For Romanian fintechs, banks, insurers, telecom operators, digital platforms, and identity verification providers, the next phase of eIDAS 2.0 is not a distant regulatory development. It is a near-term operational reality.

As digital identity wallets, qualified electronic attestations, remote signatures, and cross-border verification use cases become more widely adopted, the quality of the underlying identity proofing process will become even more important.

A compromised identity at the onboarding stage can affect the entire trust chain. This means that biometric verification, attack detection, auditability, and compliance readiness are not isolated technical features. They are foundational components of the future digital economy.

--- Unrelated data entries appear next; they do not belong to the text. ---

(* Let $\ell$ be a prime, $E$ a finite extension of $\mathbb{Q}_\ell$, and let $\mathrm{Cts}(\widehat{\mathbb{Z}}^n,E)$ be the ring of continuous maps $\widehat{\mathbb{Z}}^n\to E$ with the compact-open topology. Let $G$ be a profinite group and $\rho\colon G\to\mathrm{GL}_m(\mathrm{Cts}(\widehat{\mathbb{Z}}^n,E))$ a continuous homomorphism. For $x\in\widehat{\mathbb{Z}}^n$ let $\rho_x\colon G\to\mathrm{GL}_m(E)$ be the composition of $\rho$ with evaluation at $x$. Suppose that for each standard generator of $\widehat{\mathbb{Z}}^n$ there exists an isomorphism of $\rho$ with its pullback along translation by that generator on $\widehat{\mathbb{Z}}^n$. Then the representations $\rho_x$ are pairwise isomorphic for all $x\in\widehat{\mathbb{Z}}^n$; moreover, there exists $h\in\mathrm{GL}_m(\mathrm{Cts}(\widehat{\mathbb{Z}}^n,E))$ such that $\rho$ takes values in $h^{-1}\mathrm{GL}_m(E)h$.
   Context: The pullback of $\rho$ along a translation $t\colon\widehat{\mathbb{Z}}^n\to\widehat{\mathbb{Z}}^n$ is the composition of $\rho$ with the ring automorphism $f\mapsto f\circ t$ of $\mathrm{Cts}(\widehat{\mathbb{Z}}^n,E)$ applied entrywise; an isomorphism is a matrix in $\mathrm{GL}_m(\mathrm{Cts}(\widehat{\mathbb{Z}}^n,E))$ intertwining the two representations. $\mathrm{GL}_m(E)$ is viewed inside $\mathrm{GL}_m(\mathrm{Cts}(\widehat{\mathbb{Z}}^n,E))$ as constant functions. *)

From HB Require Import structures.
From mathcomp Require Import all_boot all_order all_algebra.
From mathcomp Require Import all_classical all_reals all_analysis.
Set Implicit Arguments. Unset Strict Implicit. Unset Printing Implicit Defensive.
Import Order.TTheory GRing.Theory Num.Theory.

(* The profinite integers Zhat = lim_k Z/kZ, realised as compatible         *)
(* families of residues: a m is the residue modulo m.+1.                    *)
Definition zhat_cond (a : nat -> nat) : Prop :=
  forall m m' : nat, (m.+1 %| m'.+1)%N -> (a m' %% m.+1)%N = a m.

Record Zhat := ZHat { zval : nat -> nat; zvalP : zhat_cond zval }.

Lemma zsucc_cond (a : Zhat) : zhat_cond (fun m => ((zval a m).+1 %% m.+1)%N).
Proof.
move=> m m' dv /=.
by rewrite modn_dvdm // -[(zval a m').+1]addn1 -modnDml (zvalP a dv) addn1.
Qed.

Definition zsucc (a : Zhat) : Zhat := ZHat (zsucc_cond a).

Definition Zhatn (n : nat) := 'I_n -> Zhat.

Definition ztrans (n : nat) (i : 'I_n) (x : Zhatn n) : Zhatn n :=
  fun j => if j == i then zsucc (x j) else x j.

(* the profinite (product) topology on Zhat^n: basic neighbourhoods of x are
   the sets of y agreeing with x modulo 1, 2, ..., N+1 in every coordinate *)
Definition zclose (n N : nat) (x y : Zhatn n) : Prop :=
  forall (i : 'I_n) (m : nat), (m <= N)%N -> zval (y i) m = zval (x i) m.

Section LocalField.
Local Open Scope ring_scope.
Variables (R : realType) (E : fieldType) (nrm : E -> R).

(* E is a finite extension of Q_l, with its l-adic topology:
   nrm is a complete non-archimedean absolute value on the characteristic-0
   field E with |l| < 1 (so its restriction to Q is l-adic, and the closure
   of Q in E is Q_l), and E is finite-dimensional over that copy of Q_l. *)
Definition in_Ql (y : E) : Prop :=
  forall eps : R, 0 < eps -> exists q : rat, nrm (y - ratr q) < eps.

Record ell_adic_field (l : nat) : Prop := {
  nrm_eq0 : forall x, nrm x = 0 <-> x = 0;
  nrm_mul : forall x y, nrm (x * y) = nrm x * nrm y;
  nrm_ultra : forall x y, nrm (x + y) <= Num.max (nrm x) (nrm y);
  char0 : forall k : nat, (k%:R : E) = 0 -> k = 0%N;
  nrm_l : nrm (l%:R) < 1;
  complete : forall u : nat -> E,
    (forall eps : R, 0 < eps -> exists N, forall p q, (N <= p)%N -> (N <= q)%N ->
        nrm (u p - u q) < eps) ->
    exists y, forall eps : R, 0 < eps -> exists N, forall p, (N <= p)%N ->
        nrm (u p - y) < eps;
  finite_over_Ql : exists (d : nat) (b : 'I_d -> E), forall y : E,
    exists c : 'I_d -> E, (forall k, in_Ql (c k)) /\ y = \sum_(k < d) c k * b k
}.

Definition cts_fun (n : nat) (f : Zhatn n -> E) : Prop :=
  forall (x : Zhatn n) (eps : R), 0 < eps ->
    exists N, forall y, zclose N x y -> nrm (f y - f x) < eps.

(* matrices over Cts(Zhat^n, E), represented pointwise *)
Definition cts_mx (n m : nat) (P : Zhatn n -> 'M[E]_m) : Prop :=
  forall i j : 'I_m, cts_fun (fun x => P x i j).

Definition GLCts (n m : nat) (P : Zhatn n -> 'M[E]_m) : Prop :=
  cts_mx P /\ exists Q : Zhatn n -> 'M[E]_m, cts_mx Q /\
    forall x, P x *m Q x = 1%:M /\ Q x *m P x = 1%:M.

(* continuity of g |-> rho g into GL_m(Cts(Zhat^n,E)), where Cts carries the
   compact-open topology, i.e. (Zhat^n compact, E metric) the topology of
   uniform convergence, and matrices carry the product topology *)
Definition cts_rep (G : topologicalType) (n m : nat)
  (rho : G -> Zhatn n -> 'M[E]_m) : Prop :=
  forall (g : G) (eps : R), 0 < eps ->
    exists U : set G, open U /\ U g /\
      forall g', U g' -> forall x i j, nrm (rho g' x i j - rho g x i j) < eps.

End LocalField.

Record profinite_group (G : topologicalType) (mul : G -> G -> G) (inv : G -> G)
    (one : G) : Prop := {
  pg_assoc : forall a b c, mul a (mul b c) = mul (mul a b) c;
  pg_mul1 : forall a, mul one a = a;
  pg_mulV : forall a, mul (inv a) a = one;
  pg_cts : continuous (fun p : G * G => mul p.1 (inv p.2));
  pg_compact : compact [set: G];
  pg_hausdorff : hausdorff_space G;
  pg_tdisc : totally_disconnected [set: G]
}.

(* Fix a base point [x0]. The intertwiners from [rho_x0] to [rho_y] form the
   common left kernel of the linear maps [A |-> A rho_x0(g) - rho_y(g) A], and a
   finite combination [defect_sum x0 y L] of these maps of maximal rank already
   has exactly that left kernel. The translation isomorphisms preserve the rank,
   the rank is lower semicontinuous and integer points are dense, so the maximum
   is attained at [y = x0]. The rank is then constant near [x0], and a fixed
   nonsingular minor of [defect_sum x0 y L] yields intertwiners [Q(y)] depending
   continuously on [y] near [x0], with [Q(x0) = 1]. An integer translation that
   is locally constant in [y] moves any [y] close to [x0], and the translation
   isomorphisms carry [Q] back, giving a continuous family of invertible
   intertwiners on all of [Zhat^n]. *)

From HB Require Import structures.
From mathcomp Require Import all_boot all_order all_algebra.
From mathcomp Require Import all_classical all_reals all_analysis.
From mathcomp Require Import ring.
Import Order.TTheory GRing.Theory Num.Theory.
Set Implicit Arguments. Unset Strict Implicit. Unset Printing Implicit Defensive.
Local Open Scope ring_scope.

Record nonarch_abs (R : realFieldType) (E : fieldType) (nrm : E -> R) : Prop := {
  abs_eq0 : forall x, nrm x = 0 <-> x = 0;
  absM : forall x y, nrm (x * y) = nrm x * nrm y;
  abs_ultra : forall x y, nrm (x + y) <= Num.max (nrm x) (nrm y);
  absN1 : nrm (-1) = 1 }.

Section AbsoluteValue.
Variables (R : realFieldType) (E : fieldType) (nrm : E -> R).

Lemma abs1_of_mul : (forall x, nrm x = 0 <-> x = 0) ->
  (forall x y, nrm (x * y) = nrm x * nrm y) -> nrm 1 = 1.
Proof.
move=> h0 hM; have n10 : nrm 1 != 0 by apply/eqP => /h0/eqP; rewrite oner_eq0.
by apply: (mulIf n10); rewrite mul1r -hM mulr1.
Qed.

Hypothesis hN : nonarch_abs nrm.

Lemma abs0 : nrm 0 = 0. Proof. exact/(abs_eq0 hN). Qed.
Lemma abs1 : nrm 1 = 1. Proof. exact: abs1_of_mul (abs_eq0 hN) (absM hN). Qed.

Lemma absN x : nrm (- x) = nrm x.
Proof. by rewrite -mulN1r (absM hN) (absN1 hN) mul1r. Qed.

Lemma absB x y : nrm (x - y) = nrm (y - x).
Proof. by rewrite -absN opprB. Qed.

Lemma abs_ge0 x : 0 <= nrm x.
Proof. by have := abs_ultra hN x (- x); rewrite subrr abs0 absN maxxx. Qed.

Lemma abs_gt0 x : x != 0 -> 0 < nrm x.
Proof.
by move=> x0; rewrite lt_def abs_ge0 andbT; apply: contra x0 => /eqP/(abs_eq0 hN) ->.
Qed.

Lemma absD_le x y c : nrm x <= c -> nrm y <= c -> nrm (x + y) <= c.
Proof. by move=> hx hy; rewrite (le_trans (abs_ultra hN x y)) // ge_max hx. Qed.

Lemma absD_lt x y c : nrm x < c -> nrm y < c -> nrm (x + y) < c.
Proof. by move=> hx hy; rewrite (le_lt_trans (abs_ultra hN x y)) // gt_max hx. Qed.

Lemma absD_dom x y : nrm y < nrm x -> nrm (x + y) = nrm x.
Proof.
move=> yx; apply/eqP; rewrite eq_le absD_le ?(ltW yx) //=.
have := abs_ultra hN (x + y) (- y); rewrite addrK absN le_max.
by case/orP=> // /(lt_le_trans yx); rewrite ltxx.
Qed.

Lemma absV x : nrm x^-1 = (nrm x)^-1.
Proof.
have [->|x0] := eqVneq x 0; first by rewrite invr0 abs0 invr0.
have nx0 : nrm x != 0 by rewrite gt_eqF ?abs_gt0.
by apply: (mulIf nx0); rewrite -(absM hN) !mulVf // abs1.
Qed.

End AbsoluteValue.

(* The axioms of [ell_adic_field] do not say that [nrm] is nonnegative;
   [nrm (-1) = -1] is excluded by [|l| < 1]. *)
Lemma ell_adic_nonarch_abs (R : realType) (E : fieldType) (nrm : E -> R) (l : nat) :
  prime l -> ell_adic_field nrm l -> nonarch_abs nrm.
Proof.
move=> l_pr hE; have h0 := nrm_eq0 hE; have hM := nrm_mul hE.
have hU := nrm_ultra hE; have abs1 := abs1_of_mul h0 hM.
split => //; have : nrm (-1) ^+ 2 == 1 by rewrite expr2 -hM mulrNN mulr1 abs1.
rewrite sqrf_eq1 => /orP[/eqP // | /eqP absN1].
have absN x : nrm (- x) = - nrm x by rewrite -mulN1r hM absN1 mulN1r.
have absD_gt0 a b : 0 < nrm a -> 0 < nrm b -> 0 < nrm (a + b).
  move=> a_gt0 b_gt0; have := hU (a + b) (- b); rewrite addrK absN le_max.
  case/orP=> [/(lt_le_trans a_gt0) // | ab].
  by have := lt_le_trans a_gt0 ab; rewrite oppr_gt0 ltNge (ltW b_gt0).
have abs_nat_gt0 k : 0 < nrm k.+1%:R.
  by elim: k => [|k IHk]; rewrite ?abs1 // -addn1 natrD absD_gt0 // abs1.
have [k def_l] : exists k, l = k.+2.
  by exists l.-2; have := prime_gt1 l_pr; case: (l) => [|[]].
have e1 : l%:R - k.+1%:R = 1 :> E by rewrite def_l mulrSr addrAC subrr add0r.
have := hU l%:R (- k.+1%:R); rewrite e1 abs1 absN le_max => /orP[].
  by move=> /le_lt_trans /(_ (nrm_l hE)); rewrite ltxx.
by rewrite leNgt (lt_trans _ ltr01) // oppr_lt0.
Qed.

Building Trust Infrastructure, Not Just Technical Infrastructure

The success of Europe’s digital identity transformation will depend on more than the availability of digital wallets. It will depend on whether citizens, businesses, and public institutions can trust the credentials issued and accepted within the ecosystem.

That trust begins with identity proofing.

If attackers can use deepfakes, synthetic identities, or injected biometric data to compromise the issuance process, the risk does not remain limited to one onboarding flow. It can extend to every downstream transaction, credential, signature, or verification based on that identity.

This is why continuous testing, independent evaluation, and standards-based assurance are becoming central to the future of digital identity.

Qoobiss’s preparation of ONTRACE for advanced PAD and IAD testing reflects this broader shift. The objective is not only to meet a regulatory requirement, but to strengthen the trust architecture that regulated organizations will depend on as eIDAS 2.0 becomes a practical reality across Europe.

Looking Ahead

The digital identity market is entering a new phase. Speed, automation, and user experience remain important, but they are no longer enough on their own.

The organizations that will lead in the post-eIDAS 2.0 environment will be those that can prove their verification infrastructure is secure, standards-aligned, and resilient against evolving attack methods.

For Qoobiss, this means continuing to invest in ONTRACE as a secure and scalable identity verification platform for regulated industries. Preparing the platform for advanced PAD and IAD testing is a natural next step in that direction.

As Europe builds the foundation for a more interoperable digital identity ecosystem, the strength of that ecosystem will depend on every layer of the trust chain.

And in the age of AI-enabled fraud, the ability to detect not only fake faces, but also fake data pipelines, will be essential.